> [Dataset]:
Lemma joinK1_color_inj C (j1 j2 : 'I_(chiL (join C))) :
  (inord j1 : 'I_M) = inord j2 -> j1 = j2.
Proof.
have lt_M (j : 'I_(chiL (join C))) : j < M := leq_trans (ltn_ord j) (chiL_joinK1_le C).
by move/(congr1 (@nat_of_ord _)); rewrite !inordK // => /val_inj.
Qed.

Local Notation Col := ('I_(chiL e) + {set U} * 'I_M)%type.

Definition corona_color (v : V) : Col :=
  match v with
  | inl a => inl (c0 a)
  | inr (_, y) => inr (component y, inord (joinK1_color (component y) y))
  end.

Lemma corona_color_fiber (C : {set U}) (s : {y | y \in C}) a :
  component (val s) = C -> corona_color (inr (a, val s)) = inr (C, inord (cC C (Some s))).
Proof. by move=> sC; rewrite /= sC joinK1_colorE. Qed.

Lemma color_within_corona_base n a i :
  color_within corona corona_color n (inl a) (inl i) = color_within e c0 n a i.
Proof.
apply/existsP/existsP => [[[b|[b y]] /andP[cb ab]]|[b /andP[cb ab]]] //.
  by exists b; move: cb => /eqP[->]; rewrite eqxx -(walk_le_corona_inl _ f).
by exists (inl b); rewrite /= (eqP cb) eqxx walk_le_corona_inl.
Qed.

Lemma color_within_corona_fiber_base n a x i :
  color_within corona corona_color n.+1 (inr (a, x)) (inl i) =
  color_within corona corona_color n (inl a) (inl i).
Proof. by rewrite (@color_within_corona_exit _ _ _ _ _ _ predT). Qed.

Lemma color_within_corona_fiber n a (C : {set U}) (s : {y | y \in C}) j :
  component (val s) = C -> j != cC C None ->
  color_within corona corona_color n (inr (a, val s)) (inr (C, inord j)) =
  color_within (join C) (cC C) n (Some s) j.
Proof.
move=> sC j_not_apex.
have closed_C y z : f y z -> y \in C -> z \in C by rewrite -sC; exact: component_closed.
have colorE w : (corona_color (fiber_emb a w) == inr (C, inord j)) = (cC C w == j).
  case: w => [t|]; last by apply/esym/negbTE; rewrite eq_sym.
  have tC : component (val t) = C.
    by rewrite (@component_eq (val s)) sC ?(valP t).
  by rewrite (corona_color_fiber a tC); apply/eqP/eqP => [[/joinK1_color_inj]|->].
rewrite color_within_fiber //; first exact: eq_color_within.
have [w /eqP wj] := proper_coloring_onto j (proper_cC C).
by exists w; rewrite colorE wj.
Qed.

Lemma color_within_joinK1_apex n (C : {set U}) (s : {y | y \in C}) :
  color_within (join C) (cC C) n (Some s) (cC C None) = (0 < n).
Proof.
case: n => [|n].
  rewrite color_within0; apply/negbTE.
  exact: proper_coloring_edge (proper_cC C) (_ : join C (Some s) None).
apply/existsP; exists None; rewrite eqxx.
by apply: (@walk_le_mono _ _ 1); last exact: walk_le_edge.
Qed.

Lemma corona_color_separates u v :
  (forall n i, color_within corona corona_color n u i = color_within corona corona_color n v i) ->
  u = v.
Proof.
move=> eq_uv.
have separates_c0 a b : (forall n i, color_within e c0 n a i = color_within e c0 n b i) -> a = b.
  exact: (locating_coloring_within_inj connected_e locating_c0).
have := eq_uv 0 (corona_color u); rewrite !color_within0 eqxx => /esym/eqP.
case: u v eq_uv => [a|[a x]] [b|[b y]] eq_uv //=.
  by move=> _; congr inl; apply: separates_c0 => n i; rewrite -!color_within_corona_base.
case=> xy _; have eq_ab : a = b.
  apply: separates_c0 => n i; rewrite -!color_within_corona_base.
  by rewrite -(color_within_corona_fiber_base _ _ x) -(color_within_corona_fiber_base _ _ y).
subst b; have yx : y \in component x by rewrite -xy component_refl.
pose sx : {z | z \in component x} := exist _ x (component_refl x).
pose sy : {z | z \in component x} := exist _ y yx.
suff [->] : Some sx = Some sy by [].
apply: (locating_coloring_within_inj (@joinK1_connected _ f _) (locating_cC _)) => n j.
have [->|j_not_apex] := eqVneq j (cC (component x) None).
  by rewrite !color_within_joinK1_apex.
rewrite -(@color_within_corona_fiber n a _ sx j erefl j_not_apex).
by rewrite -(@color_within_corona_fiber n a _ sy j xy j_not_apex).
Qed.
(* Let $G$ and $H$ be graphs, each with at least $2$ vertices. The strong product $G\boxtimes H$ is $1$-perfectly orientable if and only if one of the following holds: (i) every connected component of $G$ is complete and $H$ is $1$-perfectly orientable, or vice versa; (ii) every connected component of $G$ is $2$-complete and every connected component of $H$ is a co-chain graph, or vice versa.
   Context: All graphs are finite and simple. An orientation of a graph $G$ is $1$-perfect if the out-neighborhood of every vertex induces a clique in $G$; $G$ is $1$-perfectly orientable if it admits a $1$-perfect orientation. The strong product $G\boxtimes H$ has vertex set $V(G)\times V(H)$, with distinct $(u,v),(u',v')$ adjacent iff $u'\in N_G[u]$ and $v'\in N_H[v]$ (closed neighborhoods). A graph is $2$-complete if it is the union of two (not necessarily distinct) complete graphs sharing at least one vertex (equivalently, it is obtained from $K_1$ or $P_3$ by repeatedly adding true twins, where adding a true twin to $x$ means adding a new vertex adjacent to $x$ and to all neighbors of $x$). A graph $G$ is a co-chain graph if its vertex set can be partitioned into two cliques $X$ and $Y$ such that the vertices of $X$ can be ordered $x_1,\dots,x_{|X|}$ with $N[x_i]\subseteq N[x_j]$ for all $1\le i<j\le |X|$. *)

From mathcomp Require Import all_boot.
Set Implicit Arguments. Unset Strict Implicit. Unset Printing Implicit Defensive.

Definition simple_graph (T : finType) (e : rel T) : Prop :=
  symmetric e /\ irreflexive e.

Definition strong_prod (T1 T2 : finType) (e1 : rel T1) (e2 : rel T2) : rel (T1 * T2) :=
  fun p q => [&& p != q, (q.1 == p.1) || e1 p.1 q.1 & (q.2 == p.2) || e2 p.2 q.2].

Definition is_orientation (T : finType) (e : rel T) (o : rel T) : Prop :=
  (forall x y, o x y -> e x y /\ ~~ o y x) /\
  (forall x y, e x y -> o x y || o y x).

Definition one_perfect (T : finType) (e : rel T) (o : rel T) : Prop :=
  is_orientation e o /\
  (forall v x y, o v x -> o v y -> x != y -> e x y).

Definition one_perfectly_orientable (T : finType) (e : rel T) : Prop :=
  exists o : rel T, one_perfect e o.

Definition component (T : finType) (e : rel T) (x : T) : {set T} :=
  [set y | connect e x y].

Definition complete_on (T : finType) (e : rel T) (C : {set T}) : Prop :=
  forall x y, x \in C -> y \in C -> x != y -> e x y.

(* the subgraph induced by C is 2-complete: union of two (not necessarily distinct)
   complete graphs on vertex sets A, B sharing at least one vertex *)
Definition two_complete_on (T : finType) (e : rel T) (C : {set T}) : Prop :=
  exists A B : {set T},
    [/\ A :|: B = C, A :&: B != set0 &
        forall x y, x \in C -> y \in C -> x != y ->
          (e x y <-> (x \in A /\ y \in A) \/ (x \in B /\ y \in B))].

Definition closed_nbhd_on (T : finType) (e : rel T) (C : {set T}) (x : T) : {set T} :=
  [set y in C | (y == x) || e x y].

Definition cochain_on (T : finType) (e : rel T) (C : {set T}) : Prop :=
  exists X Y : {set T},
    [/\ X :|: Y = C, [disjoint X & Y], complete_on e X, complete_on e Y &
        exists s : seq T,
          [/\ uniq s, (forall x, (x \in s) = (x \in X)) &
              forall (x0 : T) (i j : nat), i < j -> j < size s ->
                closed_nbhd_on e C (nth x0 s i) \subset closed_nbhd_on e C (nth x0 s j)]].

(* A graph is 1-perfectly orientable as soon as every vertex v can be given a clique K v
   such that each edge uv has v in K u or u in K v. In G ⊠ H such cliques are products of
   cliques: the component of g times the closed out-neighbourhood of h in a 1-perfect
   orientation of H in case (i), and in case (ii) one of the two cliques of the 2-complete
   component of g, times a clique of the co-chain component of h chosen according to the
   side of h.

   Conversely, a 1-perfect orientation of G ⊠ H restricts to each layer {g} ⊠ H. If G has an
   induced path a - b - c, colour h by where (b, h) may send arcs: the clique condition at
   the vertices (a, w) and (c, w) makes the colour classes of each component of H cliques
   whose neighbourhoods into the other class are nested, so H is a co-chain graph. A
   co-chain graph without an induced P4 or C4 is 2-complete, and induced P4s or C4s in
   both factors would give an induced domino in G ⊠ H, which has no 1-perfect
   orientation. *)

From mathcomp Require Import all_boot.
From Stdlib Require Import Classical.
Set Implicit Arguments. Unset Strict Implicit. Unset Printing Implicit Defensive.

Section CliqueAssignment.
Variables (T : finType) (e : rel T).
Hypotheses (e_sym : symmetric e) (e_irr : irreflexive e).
==
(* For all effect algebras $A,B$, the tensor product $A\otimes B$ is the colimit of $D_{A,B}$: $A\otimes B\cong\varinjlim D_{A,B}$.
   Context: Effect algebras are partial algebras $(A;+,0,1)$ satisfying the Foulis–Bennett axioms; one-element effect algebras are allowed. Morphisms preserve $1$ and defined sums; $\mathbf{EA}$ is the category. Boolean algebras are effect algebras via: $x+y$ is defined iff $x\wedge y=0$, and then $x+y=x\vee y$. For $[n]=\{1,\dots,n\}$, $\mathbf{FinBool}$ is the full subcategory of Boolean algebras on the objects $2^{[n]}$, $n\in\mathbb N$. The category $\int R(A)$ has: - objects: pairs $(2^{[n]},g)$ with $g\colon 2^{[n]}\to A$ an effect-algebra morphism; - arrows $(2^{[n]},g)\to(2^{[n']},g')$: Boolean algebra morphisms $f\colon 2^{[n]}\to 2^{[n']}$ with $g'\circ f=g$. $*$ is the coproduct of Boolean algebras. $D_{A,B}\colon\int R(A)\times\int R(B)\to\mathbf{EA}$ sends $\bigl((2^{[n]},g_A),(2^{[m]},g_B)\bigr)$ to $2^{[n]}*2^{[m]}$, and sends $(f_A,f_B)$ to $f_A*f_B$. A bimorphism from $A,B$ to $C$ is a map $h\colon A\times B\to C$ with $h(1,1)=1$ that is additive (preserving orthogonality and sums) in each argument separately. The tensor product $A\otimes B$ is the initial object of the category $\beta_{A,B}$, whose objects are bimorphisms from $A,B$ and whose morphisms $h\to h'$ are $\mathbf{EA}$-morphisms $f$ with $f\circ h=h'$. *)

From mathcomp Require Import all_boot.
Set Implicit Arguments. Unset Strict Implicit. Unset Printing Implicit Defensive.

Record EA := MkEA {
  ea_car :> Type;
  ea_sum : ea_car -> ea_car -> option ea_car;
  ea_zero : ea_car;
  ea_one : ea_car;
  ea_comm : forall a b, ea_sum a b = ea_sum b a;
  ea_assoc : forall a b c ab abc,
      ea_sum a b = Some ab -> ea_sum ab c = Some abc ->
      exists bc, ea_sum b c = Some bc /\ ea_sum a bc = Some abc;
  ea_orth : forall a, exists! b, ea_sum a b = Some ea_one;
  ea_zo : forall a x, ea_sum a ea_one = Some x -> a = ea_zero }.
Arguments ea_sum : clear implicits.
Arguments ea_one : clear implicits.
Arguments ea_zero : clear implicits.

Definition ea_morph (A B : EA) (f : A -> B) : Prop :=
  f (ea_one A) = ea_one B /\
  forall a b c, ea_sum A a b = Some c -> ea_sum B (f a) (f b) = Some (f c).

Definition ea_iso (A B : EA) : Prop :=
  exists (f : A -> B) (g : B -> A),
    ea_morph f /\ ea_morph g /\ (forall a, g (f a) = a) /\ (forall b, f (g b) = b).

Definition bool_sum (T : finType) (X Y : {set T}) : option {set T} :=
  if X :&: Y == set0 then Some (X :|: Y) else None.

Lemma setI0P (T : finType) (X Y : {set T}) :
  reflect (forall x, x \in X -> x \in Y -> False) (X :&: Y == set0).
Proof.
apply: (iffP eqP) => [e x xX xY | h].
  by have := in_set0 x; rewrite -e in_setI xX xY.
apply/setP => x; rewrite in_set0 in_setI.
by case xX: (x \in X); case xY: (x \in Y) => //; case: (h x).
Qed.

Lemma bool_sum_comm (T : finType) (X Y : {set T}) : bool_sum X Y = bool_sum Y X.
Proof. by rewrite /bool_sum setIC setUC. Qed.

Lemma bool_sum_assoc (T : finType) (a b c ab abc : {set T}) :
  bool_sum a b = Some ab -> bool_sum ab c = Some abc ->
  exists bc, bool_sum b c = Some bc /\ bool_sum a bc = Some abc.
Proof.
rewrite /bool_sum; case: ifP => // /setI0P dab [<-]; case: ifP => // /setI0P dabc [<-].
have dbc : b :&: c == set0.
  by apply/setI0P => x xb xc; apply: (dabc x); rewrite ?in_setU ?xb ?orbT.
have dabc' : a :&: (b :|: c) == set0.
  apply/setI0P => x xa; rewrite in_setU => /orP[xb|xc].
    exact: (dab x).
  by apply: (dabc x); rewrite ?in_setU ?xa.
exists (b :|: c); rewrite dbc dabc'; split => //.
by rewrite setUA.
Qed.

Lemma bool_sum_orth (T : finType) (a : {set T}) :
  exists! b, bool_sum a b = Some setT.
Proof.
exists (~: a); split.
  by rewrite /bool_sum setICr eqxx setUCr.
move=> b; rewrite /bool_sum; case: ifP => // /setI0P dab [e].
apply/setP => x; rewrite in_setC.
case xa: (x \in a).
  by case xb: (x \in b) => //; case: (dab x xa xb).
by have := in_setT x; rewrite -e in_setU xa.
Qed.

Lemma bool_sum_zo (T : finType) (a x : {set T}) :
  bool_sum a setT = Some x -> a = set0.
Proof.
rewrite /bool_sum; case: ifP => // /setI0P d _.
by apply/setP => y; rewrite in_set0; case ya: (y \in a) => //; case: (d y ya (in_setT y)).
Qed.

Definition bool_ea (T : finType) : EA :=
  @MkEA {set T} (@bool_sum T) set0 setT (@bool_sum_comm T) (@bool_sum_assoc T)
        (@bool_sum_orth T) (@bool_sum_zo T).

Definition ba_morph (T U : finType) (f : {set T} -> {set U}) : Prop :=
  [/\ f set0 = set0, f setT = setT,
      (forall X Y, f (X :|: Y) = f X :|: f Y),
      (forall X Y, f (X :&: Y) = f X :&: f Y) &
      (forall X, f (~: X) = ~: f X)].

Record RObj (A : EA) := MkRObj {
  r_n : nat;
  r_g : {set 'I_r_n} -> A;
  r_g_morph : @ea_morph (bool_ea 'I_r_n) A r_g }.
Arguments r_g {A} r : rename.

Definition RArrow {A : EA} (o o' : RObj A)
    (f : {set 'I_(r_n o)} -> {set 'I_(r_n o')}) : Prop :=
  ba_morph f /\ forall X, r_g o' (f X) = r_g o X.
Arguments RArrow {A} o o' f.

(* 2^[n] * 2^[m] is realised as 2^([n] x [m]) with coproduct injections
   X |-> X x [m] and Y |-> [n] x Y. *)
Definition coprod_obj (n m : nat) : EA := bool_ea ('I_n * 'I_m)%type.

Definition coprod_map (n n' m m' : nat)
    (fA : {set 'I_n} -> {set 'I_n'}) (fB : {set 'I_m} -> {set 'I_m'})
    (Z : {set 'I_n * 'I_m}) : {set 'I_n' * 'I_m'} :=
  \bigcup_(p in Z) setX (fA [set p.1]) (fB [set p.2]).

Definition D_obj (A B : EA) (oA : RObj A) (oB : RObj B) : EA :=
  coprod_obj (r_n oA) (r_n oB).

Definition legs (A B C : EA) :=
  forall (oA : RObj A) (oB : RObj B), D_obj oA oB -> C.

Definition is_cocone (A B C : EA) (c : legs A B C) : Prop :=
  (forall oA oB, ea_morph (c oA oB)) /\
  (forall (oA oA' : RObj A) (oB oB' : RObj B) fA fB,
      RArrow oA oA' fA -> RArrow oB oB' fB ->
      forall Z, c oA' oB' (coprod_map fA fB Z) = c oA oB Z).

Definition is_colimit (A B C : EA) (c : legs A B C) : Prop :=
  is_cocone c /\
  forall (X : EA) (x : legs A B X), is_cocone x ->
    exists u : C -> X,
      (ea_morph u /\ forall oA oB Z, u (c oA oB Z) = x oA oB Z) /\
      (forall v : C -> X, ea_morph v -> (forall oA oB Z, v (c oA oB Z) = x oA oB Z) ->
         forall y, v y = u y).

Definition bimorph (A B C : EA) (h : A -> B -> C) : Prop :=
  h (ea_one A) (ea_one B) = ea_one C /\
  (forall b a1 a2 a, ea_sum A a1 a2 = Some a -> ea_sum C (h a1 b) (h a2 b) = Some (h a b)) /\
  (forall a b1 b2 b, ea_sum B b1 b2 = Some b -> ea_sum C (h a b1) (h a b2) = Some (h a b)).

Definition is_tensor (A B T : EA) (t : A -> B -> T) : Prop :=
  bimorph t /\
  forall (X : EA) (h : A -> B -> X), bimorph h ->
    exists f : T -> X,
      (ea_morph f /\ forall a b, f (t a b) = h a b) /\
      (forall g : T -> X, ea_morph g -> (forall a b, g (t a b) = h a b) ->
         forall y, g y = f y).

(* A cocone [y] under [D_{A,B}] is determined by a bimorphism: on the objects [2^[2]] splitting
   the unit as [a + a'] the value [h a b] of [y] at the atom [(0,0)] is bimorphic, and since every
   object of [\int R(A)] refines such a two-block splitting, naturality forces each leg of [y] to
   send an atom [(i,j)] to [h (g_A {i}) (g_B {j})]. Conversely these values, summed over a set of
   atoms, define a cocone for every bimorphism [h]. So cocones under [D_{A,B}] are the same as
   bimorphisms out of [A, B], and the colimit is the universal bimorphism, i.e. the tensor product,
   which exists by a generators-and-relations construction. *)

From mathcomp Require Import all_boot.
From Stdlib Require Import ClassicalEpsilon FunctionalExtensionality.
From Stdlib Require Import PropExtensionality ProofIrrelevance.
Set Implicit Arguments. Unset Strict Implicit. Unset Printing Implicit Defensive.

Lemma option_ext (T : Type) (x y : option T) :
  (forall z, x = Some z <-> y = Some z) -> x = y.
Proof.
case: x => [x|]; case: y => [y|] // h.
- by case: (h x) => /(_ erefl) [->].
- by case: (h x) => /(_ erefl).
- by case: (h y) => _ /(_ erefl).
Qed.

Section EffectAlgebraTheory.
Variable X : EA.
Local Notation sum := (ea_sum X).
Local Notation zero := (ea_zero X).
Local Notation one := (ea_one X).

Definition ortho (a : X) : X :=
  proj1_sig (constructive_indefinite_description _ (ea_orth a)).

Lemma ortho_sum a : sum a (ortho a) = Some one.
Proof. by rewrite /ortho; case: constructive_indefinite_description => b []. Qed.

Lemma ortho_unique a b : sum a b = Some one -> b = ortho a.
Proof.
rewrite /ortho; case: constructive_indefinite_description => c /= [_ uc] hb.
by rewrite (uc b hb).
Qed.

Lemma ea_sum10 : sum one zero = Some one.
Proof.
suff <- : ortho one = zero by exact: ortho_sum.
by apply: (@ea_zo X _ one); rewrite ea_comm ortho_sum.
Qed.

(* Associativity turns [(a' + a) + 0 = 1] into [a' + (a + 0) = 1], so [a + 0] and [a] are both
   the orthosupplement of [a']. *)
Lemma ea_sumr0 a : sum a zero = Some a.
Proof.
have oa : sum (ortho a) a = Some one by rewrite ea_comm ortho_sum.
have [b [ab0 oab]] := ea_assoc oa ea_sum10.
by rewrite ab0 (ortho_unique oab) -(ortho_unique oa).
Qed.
--
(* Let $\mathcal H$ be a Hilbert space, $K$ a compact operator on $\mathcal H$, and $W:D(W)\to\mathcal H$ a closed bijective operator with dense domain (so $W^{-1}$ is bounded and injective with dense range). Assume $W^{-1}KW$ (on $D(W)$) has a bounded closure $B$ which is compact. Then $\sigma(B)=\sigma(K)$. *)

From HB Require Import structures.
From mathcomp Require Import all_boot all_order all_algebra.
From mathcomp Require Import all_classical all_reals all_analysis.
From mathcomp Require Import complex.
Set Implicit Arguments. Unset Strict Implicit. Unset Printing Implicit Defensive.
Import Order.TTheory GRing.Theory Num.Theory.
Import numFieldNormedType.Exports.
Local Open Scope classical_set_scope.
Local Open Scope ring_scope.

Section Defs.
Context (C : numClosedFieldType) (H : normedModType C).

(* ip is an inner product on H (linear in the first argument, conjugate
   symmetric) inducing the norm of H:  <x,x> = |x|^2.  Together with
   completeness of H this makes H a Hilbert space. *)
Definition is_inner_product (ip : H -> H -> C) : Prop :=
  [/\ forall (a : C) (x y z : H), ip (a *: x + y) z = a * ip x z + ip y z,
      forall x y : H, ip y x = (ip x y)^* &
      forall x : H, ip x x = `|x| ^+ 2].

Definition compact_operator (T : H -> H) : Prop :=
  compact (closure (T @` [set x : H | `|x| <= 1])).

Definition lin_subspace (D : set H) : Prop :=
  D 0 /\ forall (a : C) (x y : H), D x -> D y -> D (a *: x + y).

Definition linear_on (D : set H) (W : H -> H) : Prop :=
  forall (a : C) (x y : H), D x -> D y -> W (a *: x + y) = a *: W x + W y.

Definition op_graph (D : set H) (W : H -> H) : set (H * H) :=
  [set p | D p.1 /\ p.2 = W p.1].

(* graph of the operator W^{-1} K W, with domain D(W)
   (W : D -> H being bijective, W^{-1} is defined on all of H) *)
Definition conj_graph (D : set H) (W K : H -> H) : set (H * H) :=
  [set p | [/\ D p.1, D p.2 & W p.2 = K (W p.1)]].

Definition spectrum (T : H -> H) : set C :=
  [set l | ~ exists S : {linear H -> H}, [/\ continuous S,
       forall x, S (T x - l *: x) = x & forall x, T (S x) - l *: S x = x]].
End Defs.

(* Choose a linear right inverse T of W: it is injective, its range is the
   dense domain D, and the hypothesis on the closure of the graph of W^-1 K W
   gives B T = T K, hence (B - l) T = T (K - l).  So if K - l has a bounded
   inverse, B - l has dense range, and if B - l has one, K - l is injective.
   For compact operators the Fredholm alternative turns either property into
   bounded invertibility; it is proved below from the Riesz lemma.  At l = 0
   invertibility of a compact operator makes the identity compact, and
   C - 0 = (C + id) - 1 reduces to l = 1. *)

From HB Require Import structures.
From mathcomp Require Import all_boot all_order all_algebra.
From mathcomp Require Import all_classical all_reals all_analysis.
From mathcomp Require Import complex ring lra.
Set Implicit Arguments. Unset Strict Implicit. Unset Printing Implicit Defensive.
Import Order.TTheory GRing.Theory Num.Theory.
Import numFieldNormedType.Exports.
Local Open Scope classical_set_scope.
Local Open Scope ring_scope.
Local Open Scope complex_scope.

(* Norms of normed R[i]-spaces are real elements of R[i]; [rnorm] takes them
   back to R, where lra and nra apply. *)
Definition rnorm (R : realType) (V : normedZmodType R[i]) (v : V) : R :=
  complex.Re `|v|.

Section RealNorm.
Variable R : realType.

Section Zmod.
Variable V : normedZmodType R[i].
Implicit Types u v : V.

> [About this exercise]:
In the listing above, find the line holding "by rewrite (corona_color_fiber" and the line holding "Lemma corona_color_separates u", then output those two lines and every line between them exactly.

> [Reply to the task]:
  by rewrite (corona_color_fiber a tC); apply/eqP/eqP => [[/joinK1_color_inj]|->].
rewrite color_within_fiber //; first exact: eq_color_within.
have [w /eqP wj] := proper_coloring_onto j (proper_cC C).
by exists w; rewrite colorE wj.
Qed.

Lemma color_within_joinK1_apex n (C : {set U}) (s : {y | y \in C}) :
  color_within (join C) (cC C) n (Some s) (cC C None) = (0 < n).
Proof.
case: n => [|n].
  rewrite color_within0; apply/negbTE.
  exact: proper_coloring_edge (proper_cC C) (_ : join C (Some s) None).
apply/existsP; exists None; rewrite eqxx.
by apply: (@walk_le_mono _ _ 1); last exact: walk_le_edge.
Qed.

Lemma corona_color_separates u v :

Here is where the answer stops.